▶ _What you need to do_: Give back only the lines in the records below from the one with "else (if (j == 0 :> nat) then c else d)." to the one with "exists P : 'M[int]_2, \det", both inclusive, word for word.

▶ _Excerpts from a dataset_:
(* Elements $g,h\in B_3$ are conjugate in $B_3$ if and only if $\phi(g)$ and $\phi(h)$ are conjugate in $\mathrm{SL}_2(\mathbb{Z})$ and $\epsilon(g)=\epsilon(h)$.
   Context: $B_3=\langle\sigma_1,\sigma_2:\sigma_1\sigma_2\sigma_1=\sigma_2\sigma_1\sigma_2\rangle$ is the braid group on three strands. The homomorphism $\phi:B_3\to\mathrm{SL}_2(\mathbb{Z})$ is defined by $\phi(\sigma_1)=\begin{bmatrix}1&1\\0&1\end{bmatrix}$ and $\phi(\sigma_2)=\begin{bmatrix}1&0\\-1&1\end{bmatrix}$. The map $\epsilon:B_3\to\mathbb{Z}$ is the abelianization homomorphism with $\epsilon(\sigma_1)=\epsilon(\sigma_2)=1$ (the exponent sum). *)

(* B_3 given by its presentation: words in sigma_1^{+-1},
   sigma_2^{+-1} modulo the congruence generated by free cancellation and the
   braid relation sigma1 sigma2 sigma1 = sigma2 sigma1 sigma2. *)
From mathcomp Require Import all_boot all_order all_algebra.
Set Implicit Arguments. Unset Strict Implicit. Unset Printing Implicit Defensive.
Import GRing.Theory Num.Theory.
Local Open Scope ring_scope.

(* a letter: (generator, sign); generator false = sigma_1, true = sigma_2;
   sign true = positive exponent, false = inverse *)
Definition letter := (bool * bool)%type.
Definition word := seq letter.

Definition s1 : letter := (false, true).
Definition s2 : letter := (true, true).
Definition letter_inv (l : letter) : letter := (l.1, ~~ l.2).
Definition word_inv (w : word) : word := rev (map letter_inv w).

Inductive braid_rel : word -> word -> Prop :=
  | rel_cancel l : braid_rel [:: l; letter_inv l] [::]
  | rel_braid : braid_rel [:: s1; s2; s1] [:: s2; s1; s2].

Inductive braid_eq : word -> word -> Prop :=
  | beq_refl w : braid_eq w w
  | beq_sym u v : braid_eq u v -> braid_eq v u
  | beq_trans u v w : braid_eq u v -> braid_eq v w -> braid_eq u w
  | beq_ctx a b x y : braid_rel x y -> braid_eq (a ++ x ++ b) (a ++ y ++ b).

Definition braid_conj (g h : word) : Prop :=
  exists w : word, braid_eq (w ++ g ++ word_inv w) h.

Definition mx2 (a b c d : int) : 'M[int]_2 :=
  \matrix_(i < 2, j < 2)
    if (i == 0 :> nat) then (if (j == 0 :> nat) then a else b)
    else (if (j == 0 :> nat) then c else d).

Definition phi_letter (l : letter) : 'M[int]_2 :=
  match l with
  | (false, true) => mx2 1 1 0 1
  | (false, false) => mx2 1 (-1) 0 1
  | (true, true) => mx2 1 0 (-1) 1
  | (true, false) => mx2 1 0 1 1
  end.

Definition phi (w : word) : 'M[int]_2 := foldr (fun l M => phi_letter l *m M) 1%:M w.

Definition eps (w : word) : int := \sum_(l <- w) (if l.2 then 1 else -1).

Definition SL2Z_conj (A B : 'M[int]_2) : Prop :=
  exists P : 'M[int]_2, \det P = 1 /\ P *m A = B *m P.

(* The map w |-> (phi w, eps w) is injective on B_3 and phi is onto SL_2(Z);
   the theorem follows by realising the conjugating matrix as phi of a braid.
   Injectivity: with Delta = s1 s2 s1, every braid is Delta^m U where U is a
   word in {s1, s2^-1} or in {s1^-1, s2}.  Such words are determined by their
   images, which have positive diagonal and off-diagonal entries of one sign;
   phi Delta = [0 1; -1 0] has order 4 and no nontrivial power of it maps one
   such matrix to another, so phi determines U and m mod 4, and
   eps (Delta^m U) = 3m + eps U then determines m.
   Surjectivity is Euclid's algorithm on the lower-left entry. *)

From mathcomp Require Import all_boot all_order all_algebra.
From mathcomp Require Import zify.
From Stdlib Require Import Setoid Morphisms.
Import GRing.Theory Num.Theory.
Local Open Scope ring_scope.

#[local] Hint Resolve beq_refl : core.

#[local] Instance braid_eq_Equivalence : Equivalence braid_eq.
Proof. split; [exact: beq_refl | exact: beq_sym | exact: beq_trans]. Qed.

Lemma braid_eq_ctx a b {u v} : braid_eq u v -> braid_eq (a ++ u ++ b) (a ++ v ++ b).
Proof.
elim=> [//|u' v' _ IH|u' v' w _ IH1 _ IH2|a' b' x y r].
- by symmetry.
- by transitivity (a ++ v' ++ b).
- by have := beq_ctx (a ++ a') (b' ++ b) r; rewrite -!catA.
Qed.

#[local] Instance cat_braid_eq_Proper : Proper (braid_eq ==> braid_eq ==> braid_eq) cat.
Proof.
move=> u u' Hu v v' Hv; transitivity (u' ++ v).
- by have := braid_eq_ctx [::] v Hu.
- by have := braid_eq_ctx u' [::] Hv; rewrite !cats0.
Qed.

#[local] Instance cons_braid_eq_Proper : Proper (eq ==> braid_eq ==> braid_eq) cons.
Proof. by move=> l _ <- v v' Hv; have := braid_eq_ctx [:: l] [::] Hv; rewrite !cats0. Qed.

Lemma letter_invK : involutive letter_inv.
Proof. by case=> g s; rewrite /letter_inv /= negbK. Qed.

Lemma word_inv_cat u v : word_inv (u ++ v) = word_inv v ++ word_inv u.
Proof. by rewrite /word_inv map_cat rev_cat. Qed.

Lemma word_invK : involutive word_inv.
Proof. by move=> w; rewrite /word_inv map_rev revK -map_comp (eq_map letter_invK) map_id. Qed.

Lemma cat_word_inv w : braid_eq (w ++ word_inv w) [::].
Proof.
elim: w => [|l w IH] /=; first reflexivity.
have -> : l :: w ++ word_inv (l :: w) = [:: l] ++ (w ++ word_inv w) ++ [:: letter_inv l].
  by rewrite (word_inv_cat [:: l]) !catA.
by rewrite IH; exact: (beq_ctx [::] [::] (rel_cancel l)).
Qed.

Lemma cat_inv_word w : braid_eq (word_inv w ++ w) [::].
Proof. by have := cat_word_inv (word_inv w); rewrite word_invK. Qed.

#[local] Instance word_inv_braid_eq_Proper : Proper (braid_eq ==> braid_eq) word_inv.
Proof.
move=> u v Huv.
transitivity (word_inv u ++ (v ++ word_inv v)); first by rewrite cat_word_inv cats0.
by rewrite -{1}Huv catA cat_inv_word.
Qed.

Lemma intertwine_word_inv {x y A} : braid_eq (x ++ A) (A ++ y) ->
  braid_eq (y ++ word_inv A) (word_inv A ++ x).
Proof.
move=> H; transitivity (word_inv A ++ (A ++ y) ++ word_inv A).
  by rewrite !catA cat_inv_word.
by rewrite -H -catA cat_word_inv cats0.
Qed.

Lemma intertwine_inv {x y A} : braid_eq (x ++ A) (A ++ y) ->
  braid_eq (word_inv x ++ A) (A ++ word_inv y).
Proof.
move=> H; have := @intertwine_word_inv (word_inv y) (word_inv x) (word_inv A).
by rewrite word_invK -!word_inv_cat; apply; rewrite H.
Qed.

Lemma mulmx2 a b c d a' b' c' d' :
  mx2 a b c d *m mx2 a' b' c' d' =
  mx2 (a * a' + b * c') (a * b' + b * d') (c * a' + d * c') (c * b' + d * d').
Proof.
apply/matrixP => i j; rewrite !mxE !big_ord_recl big_ord0 !mxE addr0 /=.
by case: i => [[|[|//]] ?]; case: j => [[|[|//]] ?].
Qed.

Lemma mx2_1 : mx2 1 0 0 1 = 1%:M.
Proof.
by apply/matrixP => i j; rewrite !mxE; case: i => [[|[|//]] ?]; case: j => [[|[|//]] ?].
Qed.

Lemma mx2_eta (M : 'M[int]_2) : M = mx2 (M 0 0) (M 0 1) (M 1 0) (M 1 1).
Proof.
apply/matrixP => i j; rewrite mxE.
by case: i => [[|[|//]] ?]; case: j => [[|[|//]] ?]; congr (M _ _); apply: val_inj.
Qed.

Lemma mx2_inj a b c d a' b' c' d' :
  mx2 a b c d = mx2 a' b' c' d' -> [/\ a = a', b = b', c = c' & d = d'].
Proof.
move=> E; have e i j : mx2 a b c d i j = mx2 a' b' c' d' i j by rewrite E.
by move: (e 0 0) (e 0 1) (e 1 0) (e 1 1); rewrite !mxE.
Qed.

Lemma det_mx2 a b c d : \det (mx2 a b c d) = a * d - b * c.
Proof.
rewrite (expand_det_row _ 0) !big_ord_recl big_ord0 /cofactor !mxE /=.
by rewrite !det_mx11 !mxE /= /bump /= expr0 expr1 mul1r mulN1r addr0 mulrN.
Qed.

Lemma phi_cons l w : phi (l :: w) = phi_letter l *m phi w.
Proof. by []. Qed.

Lemma phi_cat u v : phi (u ++ v) = phi u *m phi v.
Proof. by elim: u => [|l u IH] /=; rewrite ?mul1mx // IH mulmxA. Qed.

Lemma det_phi w : \det (phi w) = 1.
Proof.
elim: w => [|l w IH] /=; first by rewrite det1.
by rewrite det_mulmx IH mulr1; case: l => [[] []]; rewrite det_mx2.
Qed.

Lemma eps_cat u v : eps (u ++ v) = eps u + eps v.
Proof. by rewrite /eps big_cat. Qed.

Lemma phi_braid_eq {u v} : braid_eq u v -> phi u = phi v.
Proof.
elim=> [//|u1 v1 _ ->|u1 v1 w1 _ -> _ ->|a b x y r] //.
rewrite !phi_cat; congr (_ *m (_ *m _)).
by case: r => [[[] []]|]; rewrite /= !mulmx1 !mulmx2 -?mx2_1.
Qed.

Lemma eps_braid_eq {u v} : braid_eq u v -> eps u = eps v.
Proof.
elim=> [//|u1 v1 _ ->|u1 v1 w1 _ -> _ ->|a b x y r] //.
rewrite !eps_cat; congr (_ + (_ + _)).
by case: r => [[[] []]|]; rewrite /eps !big_cons big_nil.
Qed.

Lemma mulmx_phi_word_inv w : phi w *m phi (word_inv w) = 1%:M.
Proof. by rewrite -phi_cat (phi_braid_eq (cat_word_inv w)). Qed.

Lemma mulmx_word_inv_phi w : phi (word_inv w) *m phi w = 1%:M.
Proof. by rewrite -phi_cat (phi_braid_eq (cat_inv_word w)). Qed.

Lemma eps_word_inv w : eps (word_inv w) = - eps w.
Proof. by have := eps_braid_eq (cat_word_inv w); rewrite eps_cat [eps [::]]/eps big_nil; lia. Qed.

(** * The Garside element Delta *)

Definition Delta : word := [:: s1; s2; s1].

Definition letter_swap (l : letter) : letter := (~~ l.1, l.2).

Lemma letter_swapK : involutive letter_swap.
Proof. by case=> g s; rewrite /letter_swap /= negbK. Qed.

Lemma Delta_conj l : braid_eq (l :: Delta) (Delta ++ [:: letter_swap l]).
Proof.
have pos (g : bool) : braid_eq ([:: (g, true)] ++ Delta) (Delta ++ [:: letter_swap (g, true)]).
  case: g; first exact (beq_sym (beq_ctx [::] [:: s1] rel_braid)).
  exact (beq_ctx [:: s1] [::] rel_braid).
by case: l => g [|]; [exact: pos | exact: intertwine_inv (pos g)].
Qed.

▶ _Solution for this task_:
    else (if (j == 0 :> nat) then c else d).

Definition phi_letter (l : letter) : 'M[int]_2 :=
  match l with
  | (false, true) => mx2 1 1 0 1
  | (false, false) => mx2 1 (-1) 0 1
  | (true, true) => mx2 1 0 (-1) 1
  | (true, false) => mx2 1 0 1 1
  end.

Definition phi (w : word) : 'M[int]_2 := foldr (fun l M => phi_letter l *m M) 1%:M w.

Definition eps (w : word) : int := \sum_(l <- w) (if l.2 then 1 else -1).

Definition SL2Z_conj (A B : 'M[int]_2) : Prop :=
  exists P : 'M[int]_2, \det P = 1 /\ P *m A = B *m P.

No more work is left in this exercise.